Take, for example, poor Howard Lutnick, Donald Trump’s secretary of commerce, who was tripped up by some unredacted evidence in the most recent release of the Epstein files, showing that, in publicly addressing his relationship with Jeffrey Epstein last year, he had completely concocted his “Epstein who?” denial.

It seems Lutnick, unlike Trump, didn’t rate the Full Protection Package over at Pam Bondi’s Department of Justice. Like Lutnick, Trump just never thought his most damning Epstein-related lies and antics would come to light. Unlike Lutnick, Trump was right (so far).

Plenty has been written about the trench warfare over all the evidence one entity or another has sat on, long time passing — in some cases since Trump 1.0’s attorney general, Bill Barr, raided all of Epstein’s cubbyholes before his prisoner’s corpse had a chance to cool; in other cases, for decades.

I’m more interested in, as it were, the Big Picture. That is, what the hell do we really think is going on here? What is this whole circus of a war really all about?

C’mon. Does anyone not think it is about Donald John Trump? Okay, yes, there are the victims — the survivors — and various perps like Andrew and one or another Bill. But they are not why this has morphed into a political fight to the death. It’s being waged to protect — or expose — Donald John Trump by concealing — or disclosing — just what he did and to whom he did it.

Which means, given that a massive operation has been undertaken to make sure those facts never come to light, we are free to use our “common sense” — one of Trump’s favorite expressions — to suss it out. Basic common sense and a little logic.

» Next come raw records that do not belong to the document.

Theorem proposition6p1p9 (R : realType) (X : choiceType) (d : X -> X -> R)
  (s : mat R X -> mat R X) (f : X -> X) :
  is_metric d -> unif_loc_finite d -> is_Cu_automorphism d s ->
  (exists c : R, 0 < c /\
     forall x : X, ((c ^+ 2)%:E <= l2norm2 (fun z => s (eproj x) z (f x)))%E) ->
  (forall A : set X, exists u : mat R X,
     unitary_Cu d u /\ s (proj A) = mprod (mprod u (proj A)) (adj u)) ->
  exists r : R, forall x : X, d x (f x) <= r.
Proof.
move=> dm ulf hs [c [c_gt0 hc]] conj_proj.
have image_point_large x : c ^+ 2 <= colnorm2 (s (proj [set x])) (f x).
  rewrite -lee_fin; apply: le_trans (hc x) (l2norm2_col_le dm ulf _ _).
  exact: (Cu_image_proj dm hs [set x]).
apply: (close_to_identity (k := c ^+ 2)) => //.
- by rewrite exprn_gt0.
- by move=> L U; apply: (image_fibers_bound dm ulf hs image_point_large).
- move=> A; have [u [uu sA]] := conj_proj A.
  exact: (image_near dm ulf hs image_point_large c_gt0 uu sA).
Qed.
Lemma planarP (G : pgraph) : planar G <-> planar_seq G.
Proof.
split=> [[P1 P2] | /andP [pw tw]].
- case Ee: (edges G) => [|x0 s]; first by rewrite /planar_seq Ee.
  apply/andP; split.
  + apply/(pairwiseP x0) => i j; rewrite !inE => lt_iN lt_jN lt_ij; apply/negP => R.
    have := P1 (Ordinal lt_jN) (Ordinal lt_iN); rewrite (arrowE _ _ x0) /= R andbT.
    by rewrite neq_ltn lt_ij orbT => /(_ isT); rewrite ltnNge ltnW.
  + apply/(triplewiseP _ x0) => i j k lt_ij lt_jk lt_kN; apply/implyP => R.
    have lt_jN := ltn_trans lt_jk lt_kN; have lt_iN := ltn_trans lt_ij lt_jN.
    have := P2 (Ordinal lt_iN) (Ordinal lt_jN) (Ordinal lt_kN) lt_ij lt_jk.
    rewrite !(arrowE _ _ x0) /= R (ltn_eqF lt_ij) (ltn_eqF lt_jk) (ltn_eqF (ltn_trans lt_ij lt_jk)).
    exact.
- split=> [i j | i j k lt_ij lt_jk].
  + rewrite (arrowE _ _ (edge i)) => /andP [ne_ij R]; case: ltngtP ne_ij => // lt_ji _.
    move/(pairwiseP (edge i)): pw => /(_ j i (ltn_ord j) (ltn_ord i) lt_ji).
    by rewrite R.
  + rewrite !(arrowE _ _ (edge i)) (ltn_eqF lt_ij) (ltn_eqF lt_jk) => /andP [_ R].
    move/(triplewiseP _ (edge i)): tw => /(_ i j k lt_ij lt_jk (ltn_ord k)).
    by rewrite R.
Qed.

Lemma reaches_emb (X Y : pgraph) (f : vtx X -> vtx Y) a b :
  pgraph_emb f -> reaches (emap f a) (emap f b) = reaches a b.
Proof. by move=> femb; rewrite /reaches /= (connect_emb femb). Qed.

Lemma planar_seq_emb (X Y : pgraph) (f : vtx X -> vtx Y) :
  pgraph_emb f -> planar_seq Y = planar_seq X.
Proof.
move=> femb; have [_ fe] := femb; rewrite /planar_seq -fe pairwise_map triplewise_map.
congr andb; [apply: eq_pairwise => a b | apply: eq_triplewise => a b c];
  by rewrite /= ?(reaches_emb _ _ femb).
Qed.

Lemma is_pop_emb (X Y : pgraph) (f : vtx X -> vtx Y) :
  pgraph_emb f -> acyclic Y -> planar_seq Y ->
  (forall x, (is_source (f x) -> deg (f x) = 1) /\ (is_sink (f x) -> deg (f x) = 1)) ->
  is_pop X.
Proof.
move=> femb acyc pl deg1; split; last by apply/planarP; rewrite -(planar_seq_emb femb).
split=> [|x]; first exact/(acyclic_emb femb).
by have := deg1 x; rewrite /is_source /is_sink /deg indeg_emb ?outdeg_emb.
Qed.

(** * Edge lists of composites *)

Section Chunks.
Variables (T : Type) (p : pred T).

Lemma split_r_cat s t : all (predC p) s ->
  split_r p (s ++ t) = (s ++ (split_r p t).1, (split_r p t).2).
Proof.
elim: s => [|x s IH] /=; first by case: (split_r p t).
by case/andP=> /negbTE px /IH ->; rewrite px.
Qed.

Lemma split_r_flatten (cs : seq (T * seq T)) :
  all (fun c => p c.1 && all (predC p) c.2) cs ->
  split_r p (flatten [seq c.1 :: c.2 | c <- cs]) = ([::], cs).
Proof.
elim: cs => [|[x P] cs IH] //= /andP [/andP [px hP] /IH IHcs].
by rewrite (split_r_cat _ hP) IHcs /= px cats0.
Qed.

Lemma chunks_after_flatten (cs : seq (T * seq T)) :
  all (fun c => p c.1 && all (predC p) c.2) cs ->
  chunks_after p (flatten [seq c.1 :: c.2 | c <- cs]) = cs.
Proof. by move=> h; rewrite /chunks_after split_r_flatten. Qed.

Here goes.

Trump — whose m.o. with women is, in his own recorded words, to “move on them … kissing them … grab ’em by the pussy” — hangs out for years with bestie Jeff and wall-to-wall women and floor-to-ceiling girls. Surrounded, saturated, with zero compunction, and with assumption of complete impunity. And because, unlike a slew of Jeff’s other acquaintances, he’s such a remarkably well-behaved, self-disciplined, and “caring” individual, he doesn’t “do” any of them. Right.

Jeffrey Epstein, puckered up
Jeffrey Epstein posing with puckered lips. Photo credit: Epstein Files / DOJ

And we know Epstein’s cameras were everywhere, and his m.o. was roll film, get the dirt, use it when necessary.

So our spidey sense tells us there should be plenty of footage of Trump in flagrante delicto — yes, raping one or another of those ambient and ubiquitous girls, Trump himself having told us that his bestie “likes beautiful women as much as I do, and many of them are on the younger side.”

Okay, where did it all disappear to — when the reportedly self-strangling Epstein breathed his last and Barr’s DOJ instantly raided every one of the no-longer-personally-dangerous pedo’s catacombs? Where, indeed? Is it too far-out to wonder whether some of it might have been among the truckload of other boxes of sensitive documents that found their way to Mar-a-Lago before Team Biden took over the DOJ in 2021? Maybe, but it is certainly reasonable to point out that no credible chain of custody has ever been established for all the evidence seized in the wake of Epstein’s death.

It took a reported cast of thousands at Bondi’s DOJ to pore through the files and flag all the stuff that might be dangerous to Trump — who appears in the less-redacted version of the files over a million times. This estimate comes from Rep. Jamie Raskin (D-MD), one of the members of Congress who was allowed to examine that version — while being spied upon by Bondi’s DOJ. 

But — continuing with our common sense attempt to peer through the fog — you couldn’t have a cast of thousands do the actual scrubbing (leaks, anyone?). So it makes sense that it would take a long time for the Special Ops at DOJ to make Trump safe — hence the stonewalling, long delay, and piecemeal releases.

Trump is not just the Big Kahuna but the Whole Enchilada. No use wasting time protecting peons like Lutnick, let alone Democrats, moguls, and foreign dignitaries. Besides, if they scrubbed the records too clean, the cover-up would be too obvious, even for the MAGA faithful. 

So the formula: Leave a lot of dirt on the expendables (some of whom, like Lutnick, were slated for post-release protection), and a little dirt on Trump — just enough to lend a shred of very strained credibility to the whole mendacious enterprise.

But make 100 percent sure Trump is in the clear when it comes to behavior that everything we know about him suggests occurred — any evidence of actions (say, raping a 13-year-old) that would send him spinning off to MAGA hell in a hurry. 

And let people believe that when you put HCl and NaOH together in a beaker, the acid and base just sat there minding their own business. There’s nothing to see here, folks — not anymore. Just move along.

Suddenly, the fog lifts a little and the big picture comes into focus and — politically, at least — the whole circus makes sense.